Our team is mostly from tier three and rural districts in Indonesia. Living in these communities has taught us that digital inequality, a lack of infrastructure, and inefficient government expenditure are the primary obstacles to ensuring the supply of commodities in these areas. We decided to try to solve these problems through the Dagangan platform.
What do you want to achieve?
First, equalise rural communities’ access to essential products and services through physical and digital infrastructure for our users, national suppliers, and strategic partners. Second, encourage rural entrepreneurs to grow their businesses for the well-being of our users and local suppliers. Third, empower local talent to be vocal contributors to their communities, because our talent is the greatest asset we have.
As an impact-driven company, we strive to have a long-term positive impact on society and we believe that the success of the communities is the foundation for the success of our endeavour. Our long-term objective is to grow exponentially to distribute 10,000 products and to replicate our current business model throughout Indonesia to reach 75,000 villages across the country.
What’s your biggest challenge right now?
Identifying the most effective ways of communication between the different parties involved – our investors, our local talent, and our users, who are primarily spouses and mothers from various backgrounds – can be a challenge. Plus, our users prefer direct interactions like face-to-face meetings.
Who has helped you most in your journey so far?
Grace Binowo is not only my wife but also my guiding light in my capacity as CEO of Dagangan. Her professional accomplishments, passion for research, and interpersonal skills have shaped me into a wiser and more inspired leader. And her unwavering support and confidence in me as a leader have given me the courage to take risks and stretch the limits of what Dagangan is capable of achieving.
What’s the best and worst advice you’ve ever received?
Always tell the truth, regardless of how difficult it may be. The foundation of trust is honesty, both within our team and with our consumers. Moreover, establishing a sustainable business is not solely about profit and numbers. It involves prioritising our values and ensuring that they’re embedded in every aspect of our business. By remaining true to our values and focusing on a greater cause, we can achieve long-term success and make a lasting impact.

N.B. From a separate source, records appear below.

(* Let $G$ be a finite group and let $R\colon\mathcal{I}_G\text{-spaces}\to\mathcal{I}\text{-}G\text{spaces}$ be restriction along $\iota\colon\mathcal{I}\to\mathcal{I}_G$, with left adjoint $E$ given by left Kan extension along $\iota$. Then the counit $\epsilon\colon ER\to\mathrm{Id}_{\mathcal{I}_G\text{-spaces}}$ is a natural isomorphism.
   Context: $\mathcal{I}_G$: objects $(\mathbb{R}^n,\rho)$, $\rho\colon G\to O(n)$ a homomorphism; morphisms all linear isometric isomorphisms, with disjoint basepoint and conjugation $G$-action. $\mathcal{T}op_G$: based $G$-spaces and all based maps with conjugation $G$-action. An $\mathcal{I}_G$-space is a $G$-continuous functor $\mathcal{I}_G\to\mathcal{T}op_G$ (i.e. $A(gfg^{-1})=gA(f)g^{-1}$), with morphisms the natural transformations having $G$-equivariant components. $\mathcal{I}=\mathcal{I}_e$; $\iota\colon\mathcal{I}\to\mathcal{I}_G$ gives $\mathbb{R}^n$ the trivial action. An $\mathcal{I}$-$G$space is a continuous functor from $\mathcal{I}$ to based $G$-spaces and equivariant maps. For an $\mathcal{I}$-$G$space $X$ and $V\in\mathcal{I}_G$, $EX(V)=\coprod_n\mathcal{I}_G(\mathbb{R}^n,V)\times X(\mathbb{R}^n)/\sim$, where $[st,x]\sim[s,t_*x]$ for $t$ a morphism of $\mathcal{I}$, with diagonal $G$-action. For an $\mathcal{I}_G$-space $A$, the counit component $\epsilon_A\colon ERA(V)\to A(V)$ is $[s,a]\mapsto s_*a=A(s)(a)$. *)

From HB Require Import structures.
From mathcomp Require Import all_boot all_order all_algebra fingroup.
From mathcomp Require Import generic_quotient.
From mathcomp Require Import all_classical all_reals topology.
From Stdlib Require Import Relation_Operators.

Set Implicit Arguments.
Unset Strict Implicit.
Unset Printing Implicit Defensive.

Import Order.TTheory GRing.Theory Num.Theory.
Import numFieldTopology.Exports.
Local Open Scope classical_set_scope.
Local Open Scope ring_scope.
Local Open Scope quotient_scope.

Section IG.
Variables (R : realType) (gT : finGroupType).

(* Linear isometric isomorphisms R^n -> R^m, as matrices acting on column
   vectors: f^T f = 1 (isometry) and f f^T = 1 (surjective). *)
Definition lin_iso m n (f : 'M[R]_(m, n)) : Prop :=
  f^T *m f = 1%:M /\ f *m f^T = 1%:M.

Lemma lin_iso1 n : lin_iso (1%:M : 'M[R]_n).
Proof. by rewrite /lin_iso trmx1 mulmx1. Qed.

Lemma lin_isoM m n p (s : 'M[R]_(m, n)) (t : 'M[R]_(n, p)) :
  lin_iso s -> lin_iso t -> lin_iso (s *m t).
Proof.
move=> [s1 s2] [t1 t2]; split; rewrite trmx_mul.
  by rewrite mulmxA -(mulmxA _ _ s) s1 mulmx1 t1.
by rewrite mulmxA -(mulmxA _ t) t2 mulmx1 s2.
Qed.

Definition orth_rep n (rho : gT -> 'M[R]_n) : Prop :=
  (forall g, rho g *m (rho g)^T = 1%:M) /\
  (forall g h, rho (g * h)%g = rho g *m rho h).

Lemma orth_rep_iso n (rho : gT -> 'M[R]_n) g : orth_rep rho -> lin_iso (rho g).
Proof. by move=> [o _]; split => //; exact: mulmx1C. Qed.

(* Objects of I_G : (R^n, rho). *)
Record IGobj := MkIGobj {
  odim : nat;
  rep : gT -> 'M[R]_odim;
  rep_ok : orth_rep rep }.

Lemma triv_rep_ok n : orth_rep (fun _ : gT => (1%:M : 'M[R]_n)).
Proof. by split => [g|g h]; rewrite ?trmx1 mulmx1. Qed.

(* iota : I -> I_G, R^n with the trivial action. *)
Definition triv n : IGobj := @MkIGobj n (fun _ => 1%:M) (triv_rep_ok n).

Definition Hom (m n : nat) : Type := set_type [set f : 'M[R]_(m, n) | lin_iso f].
HB.instance Definition _ m n :=
  Topological.copy (Hom m n) (set_type [set f : 'M[R]_(m, n) | lin_iso f]).

Definition mkHom m n (f : 'M[R]_(m, n)) (H : lin_iso f) : Hom m n :=
  SigSub (mem_set (H : [set f | lin_iso f] f)).

Lemma Hom_iso m n (s : Hom m n) : lin_iso (set_val s).
Proof. exact: set_mem (valP s). Qed.

(* I_G-spaces: G-continuous (continuously enriched) functors I_G -> Top_G. *)
Unset Implicit Arguments.
Record IGspace := MkIGspace {
  Asp : IGobj -> topologicalType;
  Abpt : forall V, Asp V;
  Aact : forall V, gT -> Asp V -> Asp V;
  Amap : forall V W, 'M[R]_(odim W, odim V) -> Asp V -> Asp W;
  gact_cont : forall V g, continuous (Aact V g);
  gact1 : forall V x, Aact V 1%g x = x;
  gactM : forall V g h x, Aact V (g * h)%g x = Aact V g (Aact V h x);
  gact_bpt : forall V g, Aact V g (Abpt V) = Abpt V;
  fmap_bpt : forall V W (f : 'M[R]_(odim W, odim V)), lin_iso f ->
      Amap V W f (Abpt V) = Abpt W;
  fmap_cont : forall V W,
      continuous (fun p : Hom (odim W) (odim V) * Asp V => Amap V W (set_val p.1) p.2);
  fmap_id : forall V x, Amap V V 1%:M x = x;
  fmap_comp : forall U V W (f : 'M[R]_(odim W, odim V)) (h : 'M[R]_(odim V, odim U)) x,
      lin_iso f -> lin_iso h -> Amap U W (f *m h) x = Amap V W f (Amap U V h x);
  fmap_G : forall V W g (f : 'M[R]_(odim W, odim V)) x, lin_iso f ->
      Amap V W (rep W g *m f *m rep V (g^-1)%g) x
      = Aact W g (Amap V W f (Aact V (g^-1)%g x)) }.

(* I-G spaces: functors from I to based G-spaces and equivariant maps.
   Here only their data is recorded (the construction E only uses the data). *)
Record IGdata := MkIGdata {
  isp : nat -> topologicalType;
  ipt : forall n, isp n;
  igact : forall n, gT -> isp n -> isp n;
  imap : forall n m, 'M[R]_(m, n) -> isp n -> isp m }.

Set Implicit Arguments.

Definition Res (A : IGspace) : IGdata :=
  @MkIGdata (fun n => Asp A (triv n)) (fun n => Abpt A (triv n))
    (fun n => Aact A (triv n)) (fun n m => Amap A (triv n) (triv m)).

(* E : left Kan extension along iota, EX(V) = coprod_n I_G(R^n,V) x X(R^n) / ~ *)
Section E.
Variables (X : IGdata) (V : IGobj).

Definition Epre : topologicalType := {n : nat & (Hom (odim V) n * isp X n)%type}.

(* generating relation [s t, x] ~ [s, t_* x] for t : R^n -> R^m in I *)
Definition Estep (a b : Epre) : Prop :=
  exists (m n : nat) (s : Hom (odim V) m) (t : 'M[R]_(m, n)) (x : isp X n)
         (Hst : lin_iso (set_val s *m t)),
    lin_iso t /\
    a = existT _ n (mkHom Hst, x) /\
    b = existT _ m (s, @imap X n m t x).

Definition Erel' (a b : Epre) : bool := `[< clos_refl_sym_trans _ Estep a b >].

Lemma Erel_refl : reflexive Erel'.
Proof. by move=> a; apply/asboolP; exact: rst_refl. Qed.
Lemma Erel_sym : symmetric Erel'.
Proof.
move=> a b; apply/asboolP/asboolP; exact: rst_sym.
Qed.
Lemma Erel_trans : transitive Erel'.
Proof.
move=> b a c /asboolP Hab /asboolP Hbc; apply/asboolP; exact: rst_trans Hab Hbc.
Qed.

Definition Erel := EquivRel Erel' Erel_refl Erel_sym Erel_trans.

Definition EX := {eq_quot Erel}.
HB.instance Definition _ := Topological.copy EX (quotient_topology EX).
HB.instance Definition _ := Quotient.on EX.

Definition Ebpt : EX :=
  \pi_EX (existT _ (odim V) (mkHom (@lin_iso1 (odim V)), ipt X (odim V))).

(* diagonal G-action [s, x] |-> [g s g^-1, g x] = [rho_V(g) s, g x] *)
Definition Egact (g : gT) (q : EX) : EX :=
  let: existT n (s, x) := repr q in
  \pi_EX (existT _ n (mkHom (lin_isoM (orth_rep_iso g (rep_ok V)) (Hom_iso s)),
     @igact X n g x)).
End E.

Definition Emap (X : IGdata) (V W : IGobj) (f : 'M[R]_(odim W, odim V))
    (Hf : lin_iso f) (q : EX X V) : EX X W :=
  let: existT n (s, x) := repr q in
  \pi_(EX X W) (existT _ n (mkHom (lin_isoM Hf (Hom_iso s)), x)).

Definition counit (A : IGspace) (V : IGobj) (q : EX (Res A) V) : Asp A V :=
  let: existT n (s, a) := repr q in Amap A (triv n) V (set_val s) a.
End IG.

Arguments Asp {R gT} _ _.
Arguments Abpt {R gT} _ _.
Arguments Aact {R gT} _ _ _ _.
Arguments Amap {R gT} _ _ _ _ _.
Arguments counit {R gT} A V q.
Arguments Ebpt {R gT} X V.
Arguments Egact {R gT X V} g q.
Arguments Emap {R gT X V W f} Hf q.

(** The counit [[s, a]] |-> A(s)(a) is well defined because the relation of
    ERA(V) is generated by [[s t, a] ~ [s, t_* a]] and A is a functor.  Its
    inverse sends a to the class of [[1, A(1) a]], where [1 : R^k -> V] is
    the identity matrix read as a morphism of I_G out of the trivial
    representation [R^k] (k = dim V); it is not equivariant, but I_G contains
    all linear isometries.  Every class [[s, x]] equals [[1, A(s) x]] by the
    generating relation with [t := s], and continuity on both sides follows
    from the joint continuity of [A] on morphisms and points. *)

From Pilot Require Import Defs.
From HB Require Import structures.
From mathcomp Require Import all_boot all_order all_algebra fingroup.
From mathcomp Require Import generic_quotient.
From mathcomp Require Import all_classical all_reals topology.
From Stdlib Require Import Relation_Operators.
From mathcomp Require Import unstable.

Local Open Scope classical_set_scope.
Local Open Scope ring_scope.
Local Open Scope quotient_scope.

Lemma continuous_pairl (T U : topologicalType) (u : U) :
  continuous (fun x : T => (u, x)).
Proof. by move=> x; apply: cvg_pair; [exact: cvg_cst | exact: cvg_id]. Qed.

Section Counit.
Variables (R : realType) (gT : finGroupType) (A : IGspace R gT) (V : IGobj R gT).

Local Notation ERA := (EX (Res A) V).
Local Notation k := (odim V).

Definition counit_rep (e : Epre (Res A) V) : Asp A V :=
  let: existT n (s, a) := e in Amap A (triv R gT n) V (set_val s) a.

Lemma counitE q : counit A V q = counit_rep (repr q).
Proof. by rewrite /counit; case: (repr q) => n [s a]. Qed.

Lemma counit_rep_step a b : Estep a b -> counit_rep a = counit_rep b.
Proof.
move=> [m [n [s [t [x [Hst [Ht [-> ->]]]]]]]] /=.
rewrite (@Defs.fmap_comp R gT A (triv R gT n) (triv R gT m)) //.
exact: Hom_iso.
Qed.

Lemma counit_rep_rel a b : Erel' a b -> counit_rep a = counit_rep b.
Proof.
move=> /asboolP; elim => [x y|x|x y _ ->|x y z _ -> _ ->] //.
exact: counit_rep_step.
Qed.

Lemma counit_pi e : counit A V (\pi_ERA e) = counit_rep e.
Proof.
by rewrite counitE; apply: counit_rep_rel; apply/(eqquotP ERA); rewrite reprK.
Qed.

Definition Hom1 : Defs.Hom R k k := mkHom (@lin_iso1 R k).

Definition counit_inv (a : Asp A V) : ERA :=
  \pi_ERA (existT _ k (Hom1, Amap A V (triv R gT k) 1%:M a)).

Lemma counit_invK : cancel (counit A V) counit_inv.
Proof.
move=> q; rewrite -[q]reprK; case: (repr q) => n [s x].
rewrite counit_pi /counit_inv /=.
rewrite -(@Defs.fmap_comp R gT A (triv R gT n) V (triv R gT k)); last 2 first.
- exact: lin_iso1.
- exact: Hom_iso.
rewrite mul1mx; apply/(eqquotP ERA)/asboolP; apply/rst_sym/rst_step.
have H1s : lin_iso (set_val Hom1 *m set_val s) by rewrite mul1mx; exact: Hom_iso.
exists k, n, Hom1, (set_val s), x, H1s; split; first exact: Hom_iso.
by split=> //; congr existT; congr pair; apply: val_inj; rewrite /= mul1mx.
Qed.

Lemma counitK : cancel counit_inv (counit A V).
Proof.
move=> a; rewrite /counit_inv counit_pi /=.
rewrite -(@Defs.fmap_comp R gT A V (triv R gT k) V) ?mul1mx ?fmap_id //.
all: exact: lin_iso1.
Qed.

Lemma counit_continuous : continuous (counit A V).
Proof.
apply/quotient_continuous.
have -> : counit A V \o \pi_ERA =
    sigT_fun (fun n (p : (Defs.Hom R k n * isp R gT (Res A) n)%type) =>
      Amap A (triv R gT n) V (set_val p.1) p.2).
  by apply: funext => -[n [s x]] /=; rewrite counit_pi.
by apply: sigT_continuous => n; exact: (@fmap_cont R gT A (triv R gT n) V).
Qed.

Lemma counit_inv_continuous : continuous counit_inv.
Proof.
have cA : continuous (Amap A V (triv R gT k) 1%:M).
  move=> a; apply: (continuous_comp (f := fun a => (Hom1, a))
    (g := fun p : (Defs.Hom R k k * Asp A V)%type =>
      Amap A V (triv R gT k) (set_val p.1) p.2)).
    exact: continuous_pairl.
  exact: (@fmap_cont R gT A V (triv R gT k)).
move=> a; apply: (continuous_comp (g := \pi_ERA)); last exact: pi_continuous.
apply: (continuous_comp (g := existT _ k)); last exact: existT_continuous.
by apply: continuous_comp; [exact: cA | exact: continuous_pairl].
Qed.

Lemma counit_bpt : counit A V (Ebpt (Res A) V) = Abpt A V.
Proof. by rewrite /Ebpt counit_pi /= fmap_bpt //; exact: lin_iso1. Qed.

(* The action on the trivial representation is absorbed by G-continuity of A:
   [A(rho_V(g) s) = g A(s) g^-1] since [rho(g^-1) = 1] on [R^n]. *)
Lemma counit_gact g q : counit A V (Egact g q) = Aact A V g (counit A V q).
Proof.
rewrite /Egact [in RHS]counitE; case: (repr q) => n [s x]; rewrite counit_pi /=.
have := @fmap_G R gT A (triv R gT n) V g (set_val s)
  (Aact A (triv R gT n) g x) (Hom_iso s).
by rewrite /= mulmx1 -gactM mulVg gact1.
Qed.

End Counit.

Lemma counit_natural (R : realType) (gT : finGroupType) (A : IGspace R gT)
    (V W : IGobj R gT) (f : 'M[R]_(odim W, odim V)) (Hf : lin_iso f) q :
  counit A W (Emap Hf q) = Amap A V W f (counit A V q).
Proof.
rewrite /Emap [in RHS]counitE; case: (repr q) => n [s x]; rewrite counit_pi /=.
by apply: Defs.fmap_comp => //; exact: Hom_iso.
Qed.

Theorem lemmaA6 (R : realType) (gT : finGroupType) (A : IGspace R gT) :
  forall V : IGobj R gT,
    (exists inv : Asp A V -> EX (Res A) V,
        cancel (counit A V) inv /\ cancel inv (counit A V) /\
        continuous (counit A V) /\ continuous inv) /\
    counit A V (Ebpt (Res A) V) = Abpt A V /\
    (forall (g : gT) (q : EX (Res A) V),
        counit A V (Egact g q) = Aact A V g (counit A V q)) /\
    (forall (W : IGobj R gT) (f : 'M[R]_(odim W, odim V)) (Hf : lin_iso f)
            (q : EX (Res A) V),
        counit A W (Emap Hf q) = Amap A V W f (counit A V q)).
Proof.
move=> V; split; last split; [|exact: counit_bpt|split].
- exists (counit_inv _ _ A V).
  split; first exact: counit_invK.
  split; first exact: counitK.
  by split; [exact: counit_continuous | exact: counit_inv_continuous].
- exact: counit_gact.
- exact: counit_natural.
Qed.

Prioritise growth at all costs. Focusing on short-term growth without considering unit economics can result in unsustainable business models that are eventually harmful to customers and stakeholders. To develop a successful and ethical company, it’s critical to prioritise long-term viability and honesty. Sustainable growth can only be achieved by sustaining a solid foundation of sensible economics and sincere practices.